Manchester City took the rematch extremely seriously, recalling players who had missed the first game because they were playing with the England national team.
Atlanta came into the rematch without losing in their last 10 games (including the first win over City). Even more impressively, they had four straight shutouts in NASL play.
Allison kept providing bulletin board material to the Chiefs, telling Tom Dial of the Atlanta Constitution:
"It'll be a different game this time. We expect to score four or five goals. We will attack. We played poorly last time and they played well. We want to make up for our poor showing. We'll be ready."
Interest was high in the match back in England. ITV sent over a reporter to film the match. "We're really wondering just how good soccer in America is," Tony McCarthy of ITV told Dial.
In a result possibly more shocking than the first, the Atlanta Chiefs defeated the English champions for a second time in less than three weeks. Kaizer Motaung and Freddie Mwila scored for the Chiefs in the first half to give them a 2-0 lead going into halftime. City scored a consolation goal in the second half, but never threatened the result.
With a short build-up, 25,856 fans came out to Atlanta Stadium for the match. Here's a bit of video of the game:
City's Francis Lee complained about the heat:
"When you're used to playing in 40 degrees and then suddenly play in weather twice that, then it has to make a difference. Atlanta played well, real well, but again we didn't.
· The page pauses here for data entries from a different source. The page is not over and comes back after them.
Lemma allocation_optimal X x ys As : XX X -> RHS X = x%:E ->
  \sum_(i < n) ys i = x -> partition_n As ->
  (forall i, (Q i ([set t | (x < X t)%R] `&` As i) <= (L i (ys i))%:E)%E) ->
  (\sum_(i < n) rho i (allocation X x ys As i))%E = infconv XX rho X.
Proof.
move=> XX_X RHS_x sum_ys As_part QA; apply/eqP; rewrite eq_le.
rewrite infconv_eq_RHS // RHS_x sum_rho_allocation_le //=.
rewrite -RHS_x -infconv_eq_RHS //; apply: ereal_inf_lbound.
exists (allocation X x ys As) => //.
split; last by move=> t; exact: sum_allocation.
by move=> i; apply: allocation_admissible => //; case: As_part.
Qed.

End inf_convolution.

Lemma ereal_inf_le_of_strict_upper {R : realType} (S1 S2 : set R) :
  (forall x x', S1 x -> x < x' -> S2 x') ->
  (ereal_inf [set x%:E | x in S2] <= ereal_inf [set x%:E | x in S1])%E.
Proof.
move=> S12; apply: le_ereal_inf_tmp => _ [x S1x <-].
apply/lee_addgt0Pr => e e_gt0; apply: ereal_inf_lbound.
by exists (x + e); [apply: (S12 x) => //; rewrite ltrDl | rewrite EFinD].
Qed.

(* Any functional X |-> inf {x | G x {X > x}}, with G increasing in x and
   hereditary in the set, is a Lambda-VaR: the capacity of B encodes (through
   an order embedding of \bar R into [0, 1]) the threshold inf {x | G x B}, so
   that w B <= Lambda x amounts to threshold B <= x up to the boundary case,
   which does not move the infimum.  Since w must take the value 1 on the whole
   space, Lambda jumps to 1 beyond the threshold of the whole space. *)
Section Lambda_VaR_representation.
Context {d : measure_display} {T : measurableType d} {R : realType}.
Variable G : R -> set T -> Prop.
Hypotheses (T_neq0 : setT != set0 :> set T)
  (G_le : forall z x B, z <= x -> G z B -> G x B)
  (G_subset : forall x B B', measurable B' -> B' `<=` B -> G x B -> G x B')
  (G0 : forall x, G x set0).

Definition threshold (B : set T) : \bar R := ereal_inf [set x%:E | x in G ^~ B].

Definition repr_Lambda (x : R) : R :=
  if (threshold setT < x%:E)%E then 1 else logistic x.

Definition repr_capacity (B : set T) : \bar R :=
  if `[< B = setT >] then 1%E else (elogistic (threshold B))%:E.

Lemma threshold_le A B :
  measurable A -> A `<=` B -> (threshold A <= threshold B)%E.
Proof.
move=> mA AB; apply: ereal_inf_le_tmp => _ [x GxB <-]; exists x => //.
exact: G_subset GxB.
Qed.

Lemma threshold0 : threshold set0 = -oo%E.
Proof.
rewrite /threshold -[RHS](@ereal_inf_real R); congr ereal_inf.
by apply/seteqP; split => _ [x _ <-]; exists x => //; exact: G0.
Qed.

Lemma repr_Lambda_H_I_star : H_I_star repr_Lambda.
Proof.
split=> [x y le_xy|x]; rewrite /repr_Lambda; last first.
  by case: ifP => _; rewrite ?ltr01 ?lexx // logistic_gt0 ltW // logistic_lt1.
case: ifP => [thr_x|_]; first by rewrite (lt_le_trans thr_x) // lee_fin.
by case: ifP => _; [exact/ltW/logistic_lt1 | rewrite logistic_le].
Qed.

Lemma repr_capacity_capacity : capacity repr_capacity.
Proof.
rewrite /repr_capacity; split.
  case: asboolP => [T0|_]; first by move: T_neq0; rewrite -T0 eqxx.
  by rewrite threshold0.
split; first by case: asboolP.
move=> A B mA mB AB.
case: asboolP => [A_T|A_nT]; case: asboolP => [B_T|B_nT] //.
- by exfalso; apply: B_nT; apply/seteqP; split => // t _; apply: AB; rewrite A_T.
- by rewrite lee_fin elogistic_le1.
- by rewrite lee_fin elogistic_le // threshold_le.
Qed.

Section level_sets.
Variable X : T -> R.
Hypothesis mX : measurable_fun setT X.

Lemma repr_accepts_level (x x' : R) : G x [set t | (x < X t)%R] -> x < x' ->
  (repr_capacity [set t | (x' < X t)%R] <= (repr_Lambda x')%:E)%E.
Proof.
move=> Gx lt_xx'; rewrite /repr_Lambda /repr_capacity.
have thr_x : (threshold [set t | (x < X t)%R] <= x%:E)%E.
  by apply: ereal_inf_lbound; exists x.
case: asboolP => [X_T|_].
  suff -> : (threshold setT < x'%:E)%E by [].
  rewrite -X_T; apply: le_lt_trans (threshold_le _ _) (le_lt_trans thr_x _).
  - exact: measurable_gt_level.
  - by move=> t /=; apply: lt_trans.
  - by rewrite lte_fin.
case: ifP => _; first by rewrite lee_fin elogistic_le1.
rewrite lee_fin -[logistic x']/(elogistic x'%:E) elogistic_le //.
apply: le_trans (threshold_le _ _) (le_trans thr_x _).
- exact: measurable_gt_level.
- by move=> t /=; apply: lt_trans.
- by rewrite lee_fin ltW.
Qed.

Lemma repr_level_accepted (x x' : R) :
  (repr_capacity [set t | (x < X t)%R] <= (repr_Lambda x)%:E)%E -> x < x' ->
  G x' [set t | (x' < X t)%R].
Proof.
have G_level z B : (threshold B < z%:E)%E ->
    [set t | (z < X t)%R] `<=` B -> G z [set t | (z < X t)%R].
  move=> /ereal_inf_lt [_ [y GyB <-]]; rewrite lte_fin => lt_yz zX.
  by apply: G_subset zX (G_le (ltW lt_yz) GyB); exact: measurable_gt_level.
move=> acc lt_xx'; have xX : [set t | (x' < X t)%R] `<=` [set t | (x < X t)%R].
  by move=> t /=; apply: lt_trans.
have G_of_thr_T : (threshold setT < x%:E)%E -> G x' [set t | (x' < X t)%R].
  move=> thr_T; apply: (G_level _ setT) => //.
  by apply: lt_trans thr_T _; rewrite lte_fin.
move: acc; rewrite /repr_Lambda /repr_capacity.
case: asboolP => _; case: ifP => [thr_T _|_]; try exact: G_of_thr_T.
  by rewrite lee_fin leNgt logistic_lt1.
rewrite lee_fin -[logistic x]/(elogistic x%:E) elogistic_le => thr_x.
by apply: G_level xX; apply: le_lt_trans thr_x _; rewrite lte_fin.
Qed.

End level_sets.

Lemma inf_level_eq_LVaR X : measurable_fun setT X ->
  ereal_inf [set x%:E | x in [set x | G x [set t | (x < X t)%R]]] =
  LVaR repr_Lambda repr_capacity X.
Proof.
move=> mX; apply/eqP; rewrite eq_le; apply/andP; split.
  by apply: ereal_inf_le_of_strict_upper => x x'; exact: repr_level_accepted.
by apply: ereal_inf_le_of_strict_upper => x x'; exact: repr_accepts_level.
Qed.

End Lambda_VaR_representation.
The heat just took too much out of us."
When asked about his proclamations of scoring four or five goals in the rematch, Allison said:
"I just wanted to get the attendance up."
In 1968, the Atlanta Chiefs did what many think was impossible. Woosnam's talented team went on to win the first NASL championship that year in September. The league nearly folded, but the Chiefs soldiered on for another few years before the plug was pulled. A revival was attempted in 1979 that last for another three years.
Woosnam himself went on to become the commissioner of the NASL and guided the league to heights that were also thought impossible. Even in the afterglow of the second win over Manchester City, he was able to see what the Chiefs were truly accomplishing, as he told the Constitution's Tom Dial:
"Saturday's game was a most stimulating experience for soccer in the US. Over 20,000 of the tickets were sold at the gate. So this was not hard sell, it was just fan enthusiasm.
He was possibly most excited about the growth at the grassroots level in Atlanta, something he took a strong interest in upon his hiring in late 1966. He told Dial that "it wouldn't surprise him to hear that more than 10,000 Atlanta area youngsters are participating in soccer programs this summer."
While the Chiefs did not have the staying power of other teams from this era of American soccer, what they accomplished in Atlanta can not be underestimated. In a city that had a handful of high schools with soccer programs in 1966 and no organized youth programs, the Chiefs really planted the seeds in Atlanta soccer that are now blooming today.